Note: Sample below may appear distorted but all corresponding word document files contain proper formattingExcerpt from Term Paper:
Often, when rainforests are clear-cut, the land is used for cattle grazing. The cattle are then sold to developed countries for meat consumption since most individuals in developing countries cannot afford to buy meat. In both scenarios, it is the developed countries that create the consumer demands that cause rainforest destruction.
The rainforests are very important to the world for a variety of reasons (Kristula, 1997). One major reason is that the plants in the forest change carbon dioxide into clean air, which fights pollution. In addition, by absorbing carbon dioxide, the rainforests help deter the greenhouse effect. The trees of the rainforest store carbon dioxide in their roots, stems, branches, and leaves.
The plants and animals of the rainforest also provide human beings with food, fuel wood, shelter, jobs, and medicines (Kristula, 1997). "Image losing the potential cure for cancer or AIDS that might have been found in an undiscovered plant from the rainforest," says the Tropical Rainforest Coalition (1996).

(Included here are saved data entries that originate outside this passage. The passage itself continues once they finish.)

Lemma mxnorm_orthoproj_le Q v : Q^T = Q -> Q *m Q = Q -> `|v *m Q| <= n%:R * `|v|.
Proof.
move=> QT QQ; rewrite [leLHS]mx_normrE; apply/bigmax_leP; split=> [|[i j] _ /=].
  by rewrite mulr_ge0 ?normr_ge0.
rewrite (ord1 i) -ler_sqr ?nnegrE ?mulr_ge0 // real_normK ?num_real //.
apply: le_trans (_ : euclid_sq (v *m Q) <= _).
  by rewrite euclid_sqE (bigD1 j) //= lerDl sumr_ge0 // => l _; apply: sqr_ge0.
apply: le_trans (euclid_sq_orthoproj_le _ QT QQ) _.
rewrite euclid_sqE; apply: le_trans (_ : \sum_(l < n) `|v| ^+ 2 <= _).
  apply: ler_sum => l _; rewrite -real_normK ?num_real // ler_sqr ?nnegrE //.
  exact: mxnorm_entry_le.
rewrite sumr_const card_ord -[leLHS]mulr_natl exprMn ler_wpM2r ?sqr_ge0 //.
by rewrite -natrX ler_nat; case: (n) => // m; rewrite leq_pmulr.
Qed.

End Projections.

Section ProjectionConstant.
Variables (R : realType) (n : nat) (N : 'rV[R]_n -> R).
Hypothesis hN : is_norm N.
Implicit Types (V P : 'M[R]_n).

Lemma proj_const_le_opnorm V P : is_projection V P -> proj_const N V <= opnorm N P.
Proof.
move=> hP; apply: ge_inf; last by exists P.
by exists 0 => _ [Q _ <-]; apply: opnorm_ge0.
Qed.

Lemma proj_const_ge0 V : 0 <= proj_const N V.
Proof.
have [P [hP _ _]] := exists_orthoproj V.
apply: lb_le_inf; first by exists (opnorm N P), P.
by move=> _ [Q _ <-]; apply: opnorm_ge0.
Qed.

Lemma proj_const_bounded : exists2 K, 0 <= K & forall V, proj_const N V <= K.
Proof.
have [c c0 cN] := N_le_mxnorm hN; have [c' c'0 c'N] := mxnorm_le_N hN.
exists (c * n%:R * c') => [|V]; first by rewrite !mulr_ge0.
have [Q [hQ QT QQ]] := exists_orthoproj V.
apply: le_trans (proj_const_le_opnorm hQ) _; apply: (opnorm_le hN) => [|v].
  by rewrite !mulr_ge0.
apply: le_trans (cN _) _; rewrite -!mulrA ler_wpM2l //.
by apply: le_trans (mxnorm_orthoproj_le _ QT QQ) _; rewrite ler_wpM2l.
Qed.

Lemma proj_const_le_scale V (x c : R) : 0 < c ->
  (forall P, is_projection V P -> x <= c * opnorm N P) -> x <= c * proj_const N V.
Proof.
move=> c0 Hx; have [P0 [hP0 _ _]] := exists_orthoproj V.
rewrite mulrC -ler_pdivrMr //; apply: lb_le_inf; first by exists (opnorm N P0), P0.
by move=> _ [P hP <-]; rewrite ler_pdivrMr // mulrC Hx.
Qed.

(* Conjugating by [1%:M + E] costs a factor [(1 + e) / (1 - e)], which is at
   most [1 + 4 e] for [e <= 1/2]. *)
Lemma proj_const_perturb (Y Y0 E : 'M[R]_n) : \rank Y0 = \rank Y ->
  opnorm N E <= 1 / 2 -> (Y *m (1%:M + E) <= Y0)%MS ->
  proj_const N Y0 <= (1 + 4 * opnorm N E) * proj_const N Y.
Proof.
set e := opnorm N E => rkY0 e_le YSY0.
have e0 : 0 <= e := opnorm_ge0 hN E.
have e1 : e < 1 by apply: le_lt_trans e_le _; lra.
have Su := add1_unitmx hN e1.
have YS : (Y *m (1%:M + E) :=: Y0)%MS.
  apply/eqmxP; rewrite -(mxrank_leqif_eq YSY0).2 rkY0 mxrankMfree //.
  by rewrite row_free_unit.
apply: proj_const_le_scale => [|P hP]; first lra.
have hQ := is_projection_eqmx YS (is_projection_conj Su hP).
apply: le_trans (proj_const_le_opnorm hQ) _.
apply: le_trans (opnorm_mulmx_le hN _ _) _.
apply: le_trans (_ : _ <= (1 - e)^-1 * opnorm N P * (1 + e)) _.
  apply: ler_pM; rewrite ?opnorm_ge0 ?opnorm_add1_le //.
  apply: le_trans (opnorm_mulmx_le hN _ _) _.
  by apply: ler_pM; rewrite ?opnorm_ge0 ?opnorm_inv_add1_le.
rewrite mulrAC ler_wpM2r ?opnorm_ge0 // mulrC ler_pdivrMr ?subr_gt0 //.
nra.
Qed.

End ProjectionConstant.

Section SphereDistance.
Variables (R : realType) (n : nat) (N : 'rV[R]_n -> R).
Hypothesis hN : is_norm N.
Implicit Types (V Y Z : 'M[R]_n).

Lemma unit_sphere_nonempty V : (0 < \rank V)%N -> exists z, unit_sphere N V z.
Proof.
move=> rkV; have [i Vi0] : exists i, row i V != 0.
  apply/existsP; apply: contraTT rkV => /existsPn V0.
  suff -> : V = 0 by rewrite mxrank0.
  by apply/row_matrixP => i; rewrite row0; apply/eqP/negPn/V0.
exists ((N (row i V))^-1 *: row i V); split; last exact: N_normalize.
by rewrite scalemx_sub ?row_sub.
Qed.

Lemma has_inf_dist_sphere Z u : (exists z, unit_sphere N Z z) ->
  has_inf [set N (u - z) | z in unit_sphere N Z].
Proof.
move=> [z0 hz0]; split; first by exists (N (u - z0)), z0.
by exists 0 => _ [z _ <-]; apply: N_ge0.
Qed.

Lemma dist_sphere_le_sphere_dist Y Z u : (exists z, unit_sphere N Z z) ->
  unit_sphere N Y u -> inf [set N (u - z) | z in unit_sphere N Z] <= sphere_dist N Y Z.
Proof.
move=> [z0 hz0] hu; rewrite /sphere_dist le_max; apply/orP; left.
apply: ub_le_sup; last by exists u.
exists 2 => _ [y hy <-]; apply: le_trans (ge_inf (has_inf_dist_sphere y _).2 _) _.
- by exists z0.
- by exists z0.
- by apply: le_trans (ND_le hN _ _) _; rewrite NN // hy.2 hz0.2.
Qed.

Lemma sphere_dist_ge0 Y Z : (exists y, unit_sphere N Y y) ->
  (exists z, unit_sphere N Z z) -> 0 <= sphere_dist N Y Z.
Proof.
move=> [u hu] hZ; apply: le_trans (dist_sphere_le_sphere_dist hZ hu).
apply: lb_le_inf; first by case: hZ => z hz; exists (N (u - z)), z.
by move=> _ [z _ <-]; apply: N_ge0.
Qed.

Lemma exists_close_vector Y Z y (delta : R) : (exists z, unit_sphere N Z z) ->
  (y <= Y)%MS -> sphere_dist N Y Z < delta ->
  exists2 z, (z <= Z)%MS & N (z - y) <= delta * N y.
Proof.
move=> hZ yY d_lt; have [->|y0] := eqVneq y 0.
  by exists 0; rewrite ?sub0mx // subr0 N0 // mulr0.
have Ny := N_gt0 hN y0; pose u := (N y)^-1 *: y.
have hu : unit_sphere N Y u by split; [rewrite scalemx_sub | apply: N_normalize].
have gap : 0 < delta - sphere_dist N Y Z by rewrite subr_gt0.
have [_ [z hz <-] z_lt] := inf_adherent gap (has_inf_dist_sphere u hZ).
exists (N y *: z); first by rewrite scalemx_sub //; case: hz.
have -> : N y *: z - y = - (N y *: (u - z)).
  by rewrite scalerBr scalerA mulfV ?gt_eqF // scale1r opprB.
rewrite NN // NZ // (ger0_norm (ltW Ny)) mulrC ler_wpM2r ?(ltW Ny) //.
apply: ltW; apply: lt_le_trans z_lt _.
by have := dist_sphere_le_sphere_dist hZ hu; lra.
Qed.

Lemma exists_perturbation Y : exists2 M, 0 < M & forall Y0 (delta : R),
  (exists z, unit_sphere N Y0 z) -> 0 <= delta -> sphere_dist N Y Y0 < delta ->
  exists2 E, opnorm N E <= M * delta & (Y *m (1%:M + E) <= Y0)%MS.
Proof.
have [M M0 HM] := sum_coord_le hN (pinvmx Y) (fun i => N_ge0 hN (row i Y)).
exists (M + 1) => [|Y0 delta hY0 delta0 d_lt]; first lra.
have /fin_all_exists [f hf] : forall i, exists z,
    (z <= Y0)%MS /\ N (z - row i Y) <= delta * N (row i Y).
  move=> i; have [z zY0 hz] := exists_close_vector hY0 (row_sub i Y) d_lt.
  by exists z.
pose Z := \matrix_(i, j) f i 0 j.
have rowZ i : row i Z = f i by apply/rowP => j; rewrite !mxE.
exists (pinvmx Y *m (Z - Y)).
  apply: (opnorm_le hN) => [|w]; first by rewrite mulr_ge0 //; lra.
  rewrite mulmxA mulmx_sum_row; apply: le_trans (N_sum_le hN _ _) _.
  apply: le_trans (_ : _ <= delta * \sum_i `|(w *m pinvmx Y) 0 i| * N (row i Y)) _.
    rewrite mulr_sumr; apply: ler_sum => i _; rewrite NZ // mulrCA ler_wpM2l //.
    by rewrite linearB /= rowZ; case: (hf i).
  rewrite [_ * delta]mulrC -mulrA ler_wpM2l //; apply: le_trans (HM w) _.
  by rewrite ler_wpM2r ?N_ge0 ?lerDl.
rewrite mulmxDr mulmx1 mulmxA mulmxBr mulmxKpV // addrC subrK.
apply: submx_trans (submxMl _ _) _; apply/row_subP => i.
by rewrite rowZ; case: (hf i).
Qed.

End SphereDistance.

Lemma le_affine_right_limit (R : realFieldType) (x a b d eta : R) :
  0 < eta -> 0 <= b -> (forall delta, d < delta <= d + eta -> x <= a + b * delta) ->
  x <= a + b * d.
Proof.
move=> eta0 b0 Hx; apply/ler_addgt0Pr => t t0.
pose s := Num.min eta (t / (b + 1)).
have s0 : 0 < s by rewrite lt_min eta0 divr_gt0 //; lra.
have bs : b * s <= t.
  apply: le_trans (_ : b * (t / (b + 1)) <= t).
    by rewrite ler_wpM2l // ge_min lexx orbT.
  by rewrite mulrA ler_pdivrMr ?ler_wpM2l //; lra.
apply: le_trans (Hx (d + s) _) _; first by rewrite ltrDl s0 lerD2l ge_min lexx.
by rewrite mulrDr addrA lerD2l.
Qed.

Lemma proj_const_le_near (R : realType) (n : nat) (N : 'rV[R]_n -> R) (Y : 'M[R]_n) :
  is_norm N -> exists2 M, 0 < M & forall Y0, \rank Y0 = \rank Y -> (0 < \rank Y)%N ->
    0 <= sphere_dist N Y Y0 -> M * sphere_dist N Y Y0 < 1 / 4 ->
    proj_const N Y0 <= proj_const N Y + 4 * M * proj_const N Y * sphere_dist N Y Y0.
Proof.
move=> hN; have [M M0 perturb] := exists_perturbation hN Y.
exists M => // Y0 rkY0 rkY d0 d_small.
have hY0 : exists z, unit_sphere N Y0 z.
  by apply: (unit_sphere_nonempty hN); rewrite rkY0.
have lam0 := proj_const_ge0 hN Y.
have eta0 : 0 < (8 * M)^-1 by rewrite invr_gt0; lra.
apply: (le_affine_right_limit eta0) => [|delta /andP[d_lt d_le]].
  by rewrite !mulr_ge0 //; lra.
have [E E_le YE] := perturb Y0 delta hY0 (le_trans d0 (ltW d_lt)) d_lt.
have E_half : opnorm N E <= 1 / 2.
  apply: le_trans E_le _; have := ler_wpM2l (ltW M0) d_le.
  by rewrite mulrDr invfM mulrCA mulfV ?gt_eqF // mulr1; lra.
apply: le_trans (proj_const_perturb hN rkY0 E_half YE) _.
by have := ler_wpM2r lam0 E_le; nra.
Qed.

Theorem mainTheorem15 (R : realType) (n k : nat) (N : 'rV[R]_n -> R)
    (Y : 'M[R]_n) :
  is_norm N -> (1 <= k)%N -> (k <= n - 1)%N -> \rank Y = k ->
  exists C : R, 0 < C /\
    forall Y0 : 'M[R]_n, \rank Y0 = k ->
      proj_const N Y0 <= proj_const N Y + C * sphere_dist N Y Y0.
Proof.
move=> hN k1 _ rkY.
have [M M0 near_bound] := proj_const_le_near Y hN.
have [K K0 far_bound] := proj_const_bounded hN.
have lam0 := proj_const_ge0 hN Y.
exists (4 * M * (proj_const N Y + K) + 1); split=> [|Y0 rkY0].
  by have := mulr_ge0 (ltW M0) (addr_ge0 lam0 K0); lra.
have rk_pos : (0 < \rank Y)%N by rewrite rkY.
have d0 : 0 <= sphere_dist N Y Y0.
  by apply: (sphere_dist_ge0 hN); apply: (unit_sphere_nonempty hN); rewrite ?rkY0 -?rkY.
have [d_small|d_large] := ltP (M * sphere_dist N Y Y0) (1 / 4).
  apply: le_trans (near_bound Y0 _ rk_pos d0 d_small) _; first by rewrite rkY0.
  by have := mulr_ge0 (mulr_ge0 (ltW M0) K0) d0; nra.
apply: le_trans (far_bound Y0) _.
by have := mulr_ge0 (mulr_ge0 (ltW M0) lam0) d0; nra.
Qed.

It is an increasingly widespread belief that the rainforest houses important plants that will cure the worst diseases of today (Kristula, 1997). Although there is scientific proof of its value, the rainforest continues to be cut down. According to the National Forest Association of Forest Industries (1996), "there are about 4 billion hectares of forest in the world, of which about 25% is tropical rainforest."
The rainforest provides many benefits to the areas surrounding it and far beyond (Kristula, 1997). "Only 20% of the nutrients of the rainforest are in the soil; 80% of the nutrients remain in the trees and plants. The rainwater of the forest is recycled by evaporation. Clouds above the forest's canopy help reflect sunlight which keeps temperatures within the forest to remain more stable."

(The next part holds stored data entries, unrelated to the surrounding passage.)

(* The set Ghost World $\mathrm{GW}$ of bipartite correlations is closed under wirings: for any finite collection of boxes $P_1,\dots,P_n\in\mathrm{GW}$ and any pair of wirings $\mathcal{W}_A,\mathcal{W}_B$, the wired box $\mathcal{W}_A\otimes\mathcal{W}_B(\otimes_{i=1}^nP_i)$ belongs to $\mathrm{GW}$.
   Context: A bipartite box is a conditional distribution $P(a,b|x,y)$ with finite input alphabets $\mathcal{X},\mathcal{Y}$ and finite output alphabets $\mathcal{A},\mathcal{B}$; tripartite boxes $P(a_1,a_2,a_3|x_1,x_2,x_3)$ are defined analogously. A multipartite box is no-signalling if, for every party, summing over that party's output gives a result independent of that party's input. Ghost World: a bipartite box $P(a,b|x,y)$ belongs to $\mathrm{GW}$ iff there exist no-signalling tripartite boxes $P_A(a,a',b|x,x',y)$ (with $a,a'\in\mathcal{A}$, $x,x'\in\mathcal{X}$) and $P_B(a,b,b'|x,y,y')$ (with $b,b'\in\mathcal{B}$, $y,y'\in\mathcal{Y}$) such that (1) $P_A$ is invariant under exchanging its first two parties, i.e. $P_A(a,a',b|x,x',y)=P_A(a',a,b|x',x,y)$, and $P_B$ is invariant under exchanging its last two parties, i.e. $P_B(a,b,b'|x,y,y')=P_B(a,b',b|x,y',y)$; (2) $P(a,b|x,y)=\sum_{a'}P_A(a,a',b|x,x',y)=\sum_{b'}P_B(a,b,b'|x,y,y')$ for all $x',y'$. ($\mathrm{GW}$ is considered in every bipartite Bell scenario.) Wirings: given $n$ bipartite boxes $P_1,\dots,P_n$ (each in some bipartite Bell scenario), with Alice holding the first side of each and Bob the second, and a target scenario $(\mathcal{X}',\mathcal{Y}',\mathcal{A}',\mathcal{B}')$, a (deterministic) wiring $\mathcal{W}_A$ for Alice is a procedure that, on effective input $x'\in\mathcal{X}'$, sequentially chooses a not-yet-used box $i$ and an input for Alice's side of that box and receives the output, where each choice is a function of $x'$ and all previous boxes, inputs and outputs; finally it outputs $a'\in\mathcal{A}'$ as a function of $x'$ and the full history. Bob's wiring $\mathcal{W}_B$ is analogous. Using the boxes independently this defines the box $\mathcal{W}_A\otimes\mathcal{W}_B(\otimes_{i=1}^nP_i)(a',b'|x',y')$. *)

From HB Require Import structures.
From mathcomp Require Import all_boot all_order all_algebra.
Set Implicit Arguments. Unset Strict Implicit. Unset Printing Implicit Defensive.
Import Order.TTheory GRing.Theory Num.Theory.
Local Open Scope ring_scope.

However, the soil of the rainforests is only suitable for being rainforest soil, crops do not grow well in it. "When forests are cut down, the soil erodes quickly and soon only a dry desert remains," according to Kristula (1997).
One of the main reasons for destruction of the rainforests is logging (Kristula, 1997). Trees from the rainforest are used to build houses, make furniture, and provide pulp for paper products, such as newspapers and magazines. Rainforest that was destroyed can grow back over time, but they will never have the same variety of plants and animals they once did.

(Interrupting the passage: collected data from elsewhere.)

Lemma sum_crossing (V : nmodType) X Y (F : nat -> V) : [disjoint X & Y] ->
  \sum_(e in crossing X Y) F (elvl e) = \sum_(x in X) \sum_(y in Y) F (lvl x y).
Proof.
move=> dXY; rewrite pair_big_dep /=.
have neq q : (q.1 \in X) && (q.2 \in Y) -> q.1 != q.2.
  by case/andP=> xX yY; apply: contraTneq xX => ->; rewrite (disjointFl dXY).
case: (pickP [pred q : pt L N * pt L N | (q.1 \in X) && (q.2 \in Y)])
  => [q0 q0XY|noXY]; last first.
  rewrite big1 => [|e /crossingP[x [y [xX yY _ _]]]].
    by rewrite big1 // => q qXY; move: (noXY q); rewrite /= qXY.
  by move: (noXY (x, y)); rewrite /= xX yY.
(* e0 is only the default value of insubd, never reached on X x Y. *)
have e0P : #|[set q0.1; q0.2]| == 2%N by rewrite cards2 neq.
pose e0 : edge L N := exist (fun s : {set pt L N} => #|s| == 2%N) _ e0P.
pose toedge (q : pt L N * pt L N) : edge L N := insubd e0 [set q.1; q.2].
have val_toedge q : (q.1 \in X) && (q.2 \in Y) -> val (toedge q) = [set q.1; q.2].
  by move=> /neq xy; rewrite val_insubd cards2 xy.
have -> : crossing X Y = toedge @: [set q | (q.1 \in X) && (q.2 \in Y)].
  apply/setP => e; apply/crossingP/imsetP => [[x [y [xX yY xy exy]]] | [q qXY ->]].
    exists (x, y); first by rewrite inE xX yY.
    by apply: val_inj; rewrite val_toedge ?xX ?yY.
  rewrite inE in qXY; case/andP: (qXY) => q1X q2Y.
  by exists q.1, q.2; split; rewrite ?neq ?val_toedge.
rewrite big_imset /= => [|[x y] [x' y']]; last first.
  rewrite !inE /= => /andP[xX yY] /andP[xX' yY'] /(congr1 val).
  rewrite !val_toedge /= ?xX ?yY ?xX' ?yY' // => exy.
  have x_in : x \in [set x'; y'] by rewrite -exy !inE eqxx.
  have y_in : y \in [set x'; y'] by rewrite -exy !inE eqxx orbT.
  move: x_in y_in; rewrite !inE => /orP[/eqP-> | /eqP xy'] /orP[/eqP yx' | /eqP-> //].
  1,2: by move: xX'; rewrite -yx' (disjointFl dXY yY).
  by move: yY'; rewrite -xy' (disjointFr dXY xX).
apply: eq_big => [q|q qXY]; first by rewrite inE.
by rewrite inE in qXY; rewrite (elvl_pair (val_toedge q qXY)).
Qed.

End Crossing.

Lemma perc_prob_closed_le (R : realType) (E : finType) (p : E -> R)
    (ev : pred {ffun E -> bool}) (S : {set E}) :
  (forall e, 0 <= p e <= 1) -> (forall w, ev w -> forall e, e \in S -> ~~ w e) ->
  perc_prob p ev <= \prod_(e in S) (1 - p e).
Proof.
move=> p01 evS.
(* G e is the law of the state of e once the edges of S are forced closed. *)
pose G e (b : bool) := if b then (if e \in S then 0 else p e) else 1 - p e.
have G_ge0 e b : 0 <= G e b.
  by case/andP: (p01 e) => p0 p1; rewrite /G; case: b; case: (e \in S); rewrite ?subr_ge0.
have -> : \prod_(e in S) (1 - p e) = \sum_(w : {ffun E -> bool}) \prod_e G e (w e).
  rewrite -(bigA_distr_bigA G) big_mkcond; apply: eq_bigr => e _.
  by rewrite big_bool /= /G; case: (e \in S); rewrite ?add0r // addrCA subrr addr0.
rewrite [X in _ <= X](bigID ev) /= -[X in X <= _]addr0.
rewrite lerD ?sumr_ge0 // => [|w _]; last by apply: prodr_ge0 => e _.
rewrite /perc_prob (eq_bigr (fun w : {ffun E -> bool} => \prod_e G e (w e))) //.
move=> w /evS w_S.
apply: eq_bigr => e _; rewrite /G.
by case: ifP => // we; case: ifP => // /w_S; rewrite we.
Qed.

Lemma PJ_not_conn_le (R : realType) L N (J : nat -> R) (A B : {set {set pt L N}}) :
  (forall j, 0 <= J j) ->
  PJ J (not_conn A B) <=
    expR (- \sum_(e in crossing (finset.cover A) (finset.cover B)) J (elvl e)).
Proof.
move=> J_ge0; rewrite -sumrN expR_sum.
pose S := crossing (finset.cover A) (finset.cover B).
apply: le_trans (perc_prob_closed_le (S := S) _ _) _ => [e|w /forallP w_closed e e_cross|].
- by rewrite subr_ge0 gerBl expR_ge0 expR_le1 oppr_le0 J_ge0.
- by apply: contraTN e_cross => we; move: (w_closed e); rewrite we /crossing inE.
- by under eq_bigr do rewrite subKr.
Qed.

Lemma crossing_weight_ge (R : realType) L N n m (J : nat -> R) (c : R)
    (A : {set {set pt L N}}) :
  (0 < L)%N -> (n <= m <= N)%N ->
  (forall j, (m < j)%N -> c * ((L%:R : R) ^- (2 * j) * L%:R) <= J j) ->
  A \subset blocks L N n m ->
  (#|A| * L ^ n)%N%:R * (c * (L%:R ^- m - L%:R ^- N)) <=
    \sum_(e in crossing (finset.cover A) (finset.cover (blocks L N n N :\: blocks L N n m)))
      J (elvl e).
Proof.
move=> L_gt0 /andP[nm mN] J_ge sAB.
have A_m x : x \in finset.cover A -> inLam m x by exact: cover_blocks_inLam nm sAB.
rewrite sum_crossing; last first.
  by apply/pred0P => x /=; apply/andP => -[/A_m x_m]; rewrite cover_outer_blocks ?x_m.
rewrite -(card_cover_blocks sAB (leq_trans nm mN)) mulr_natl -sumr_const.
apply: ler_sum => x /A_m x_m; rewrite -(sum_far_weight _ x) // mulr_sumr.
rewrite [X in _ <= X](eq_bigl (fun y => m < lvl x y)%N) => [|y]; last first.
  by rewrite cover_outer_blocks // lvl_gt_inLam.
by apply: ler_sum => y /J_ge.
Qed.

Unset Implicit Arguments.
Set Strict Implicit.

Corporations have convinced many rainforest countries that it would improve their economies to allow companies to use the land, and now these countries economies have become dependent on it (Kristula, 1997). With this vicious cycle, the rainforest does not stand a chance.
Many stakeholders argue that cutting down rainforests is necessary for economic development. In many of the countries where rainforests are being destroyed, citizens live in poverty. Logging the rainforests creates many jobs, which help the poor people of the areas in which the forests exist. The loggers, the truck drivers, and the shippers all are employed because of the logging industry.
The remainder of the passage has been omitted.